_Given information_
Definition span_reps n r (I : {set {set 'I_n}}) : {set {set 'I_n}} :=
  [set span_rep r I Y | Y in ksets n r.-1].

Definition encode n r (I : {set {set 'I_n}}) : {set {set 'I_n}} :=
  \bigcup_(Z in span_reps r I) [set e |: Z | e in span I Z :\: Z].

Definition decode n r (S : {set {set 'I_n}}) : {set {set 'I_n}} :=
  [set A in ksets n r |
     [exists Y in ksets n r.-1, A \subset Y :|: [set e | e |: Y \in S]]].

Definition dep_ksets n r (I : {set {set 'I_n}}) : {set {set 'I_n}} :=
  [set A in ksets n r | A \notin I].

Lemma has_rank_dep n r (I : {set {set 'I_n}}) (A : {set 'I_n}) :
  has_rank r I -> r < #|A| -> A \notin I.
Proof.
case/andP=> _ /forallP rank_max lt_r_A; apply/negP => AI.
by move: (rank_max A); rewrite AI /= leqNgt lt_r_A.
Qed.

Section PavingMatroid.

Variables (n r : nat) (I : {set {set 'I_n}}).
Hypotheses (matroidI : is_matroid I) (pavingI : paving r I) (r_gt0 : 0 < r).

Lemma matroid_augment (A B : {set 'I_n}) : A \in I -> B \in I -> #|A| < #|B| ->
  exists2 x, x \in B :\: A & x |: A \in I.
Proof.
case/and3P: matroidI => _ _ /forallP augment AI BI lt_AB.
move: (augment A); rewrite AI => /forallP /(_ B); rewrite BI lt_AB /=.
by case/existsP=> x /andP[]; exists x.
Qed.

Lemma paving_indep (A : {set 'I_n}) : #|A| < r -> A \in I.
Proof.
have [k lt_A_k] := ubnP #|A|; elim: k => // k IH in A lt_A_k * => lt_A_r.
apply/negPn/negP => AnI.
have circuitA : is_circuit I A.
  rewrite /is_circuit AnI; apply/forallP => x; apply/implyP => xA.
  have lt_Ax_A : #|A :\ x| < #|A| by rewrite (cardsD1 x A) xA.
  by apply: IH; [apply: leq_trans lt_Ax_A _; rewrite -ltnS | apply: ltn_trans lt_A_r].
by move/forallP: pavingI => /(_ A) /implyP /(_ circuitA); rewrite leqNgt lt_A_r.
Qed.

Lemma span_dep (Y A : {set 'I_n}) : Y \in I -> A \subset span I Y -> #|Y| < #|A| ->
  A \notin I.
Proof.
move=> YI sAY lt_YA; apply/negP => AI.
have [x /setDP[xA xY] xYI] := matroid_augment YI AI lt_YA.
by move/subsetP: sAY => /(_ x xA); rewrite !inE (negbTE xY) xYI.
Qed.

Lemma span_subset (Y Y' : {set 'I_n}) : #|Y| = r.-1 -> #|Y'| = r.-1 ->
  Y' \subset span I Y -> span I Y \subset span I Y'.
Proof.
move=> cardY cardY' sY'Y; apply/subsetP => e eY.
rewrite !inE; case: (boolP (e \in Y')) => //= eY'.
apply: (span_dep (Y := Y)); first by apply: paving_indep; lia.
  by rewrite subUset sub1set eY.
by rewrite cardsU1 eY'; lia.
Qed.

Lemma span_eq (Y Y' : {set 'I_n}) : #|Y| = r.-1 -> #|Y'| = r.-1 ->
  Y' \subset span I Y -> span I Y' = span I Y.
Proof.
move=> cardY cardY' sY'Y; have sYY' := span_subset cardY cardY' sY'Y.
apply/eqP; rewrite eqEsubset sYY' andbT.
exact: span_subset (subset_trans (subsetUl _ _) sYY').
Qed.

Lemma span_repP (Y : {set 'I_n}) : #|Y| = r.-1 ->
  #|span_rep r I Y| = r.-1 /\ span I (span_rep r I Y) = span I Y.
Proof.
move=> cardY; rewrite /span_rep; case: pickP => [Z /andP[/eqP -> /eqP ->] //|].
by move/(_ Y); rewrite cardY !eqxx.
Qed.

Lemma span_rep_eq (Y1 Y2 : {set 'I_n}) : #|Y1| = r.-1 -> span I Y1 = span I Y2 ->
  span_rep r I Y1 = span_rep r I Y2.
Proof.
move=> cardY1 spanY12; rewrite /span_rep spanY12; case: pickP => // noZ.
by move: (noZ Y1); rewrite cardY1 spanY12 !eqxx.
Qed.

Lemma card_span_reps (Z : {set 'I_n}) : Z \in span_reps r I -> #|Z| = r.-1.
Proof. by case/imsetP=> Y; rewrite inE => /eqP /span_repP[cardZ _] ->. Qed.

Lemma encode_sub : encode r I \subset dep_ksets r I.
Proof.
apply/subsetP => X /bigcupP[Z ZR /imsetP[e]].
rewrite !inE => /andP[eZ eNI] ->.
rewrite cardsU1 eZ add1n (card_span_reps ZR) prednK // eqxx /=.
by rewrite (negbTE eZ) in eNI.
Qed.

Lemma decode_encode : decode r (encode r I) = dep_ksets r I.
Proof.
apply/setP => A; rewrite !inE; case: eqP => //= cardA; apply/idP/idP.
- case/existsP=> Y /andP[]; rewrite inE => /eqP cardY sAY.
  apply: (span_dep (Y := Y)); first by apply: paving_indep; lia.
    apply: subset_trans sAY _; rewrite setUS //; apply/subsetP => e.
    by rewrite !inE => /(subsetP encode_sub); rewrite inE => /andP[].
  by rewrite cardY cardA; lia.
- move=> AnI.
  have /set0Pn[a aA] : A != set0 by rewrite -card_gt0 cardA.
  have cardY : #|A :\ a| = r.-1 by move: (cardsD1 a A); rewrite aA cardA; lia.
  have [cardZ spanZ] := span_repP cardY.
  set Z := span_rep r I (A :\ a) in cardZ spanZ *.
  have ZR : Z \in span_reps r I by apply: imset_f; rewrite inE cardY.
  apply/existsP; exists Z; rewrite inE cardZ eqxx /=.
  apply/subsetP => b bA; rewrite !inE; case: (boolP (b \in Z)) => //= bZ.
  apply/bigcupP; exists Z => //; apply/imsetP; exists b => //.
  rewrite in_setD bZ spanZ !inE; case: (eqVneq b a) => [->|ba]; last by rewrite bA.
  by rewrite setD1K.
Qed.

Lemma span_rep_fibre (Z : {set 'I_n}) : Z \in span_reps r I ->
  [set Y in ksets n r.-1 | span_rep r I Y == Z] =
  [set Y : {set 'I_n} | Y \subset span I Z & #|Y| == r.-1].
Proof.
move=> ZR; have cardZ := card_span_reps ZR.
case/imsetP: ZR => Y0; rewrite inE => /eqP cardY0 defZ.
have [_ spanZ] := span_repP cardY0; rewrite -defZ in spanZ.
have repZ : span_rep r I Z = Z by rewrite defZ; apply: span_rep_eq; rewrite -?defZ.
apply/setP => Y; rewrite !inE; case: (#|Y| =P r.-1) => [cardY|_]; rewrite ?andbF // andbT.
apply/eqP/idP => [<-|sYZ]; first by case: (span_repP cardY) => _ ->; apply: subsetUl.
by rewrite -repZ; apply: span_rep_eq => //; apply: span_eq.
Qed.

End PavingMatroid.

Lemma card_span_rep_fibre n r (I : {set {set 'I_n}}) (Z : {set 'I_n}) :
  is_matroid I -> paving r I -> 2 < r -> Z \in span_reps r I ->
  r * #|span I Z :\: Z| <= #|[set Y in ksets n r.-1 | span_rep r I Y == Z]|.
Proof.
move=> matI pavI r_gt2 ZR; have r_gt0 : 0 < r by lia.
rewrite span_rep_fibre // cards_draws.
have cardZ := card_span_reps ZR.
have -> : #|span I Z| = r.-1 + #|span I Z :\: Z|.
  by rewrite cardsD (setIidPr (subsetUl _ _)) -cardZ subnKC // subset_leq_card ?subsetUl.
by rewrite -{1}(prednK r_gt0); apply: leq_mul_bin; lia.
Qed.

_Exercise instructions_
Keep to the lines from the one containing "rewrite span_rep_fibre // cards_draws." to the end of the entries above, and retype them exactly.

_Task result_
rewrite span_rep_fibre // cards_draws.
have cardZ := card_span_reps ZR.
have -> : #|span I Z| = r.-1 + #|span I Z :\: Z|.
  by rewrite cardsD (setIidPr (subsetUl _ _)) -cardZ subnKC // subset_leq_card ?subsetUl.
by rewrite -{1}(prednK r_gt0); apply: leq_mul_bin; lia.
Qed.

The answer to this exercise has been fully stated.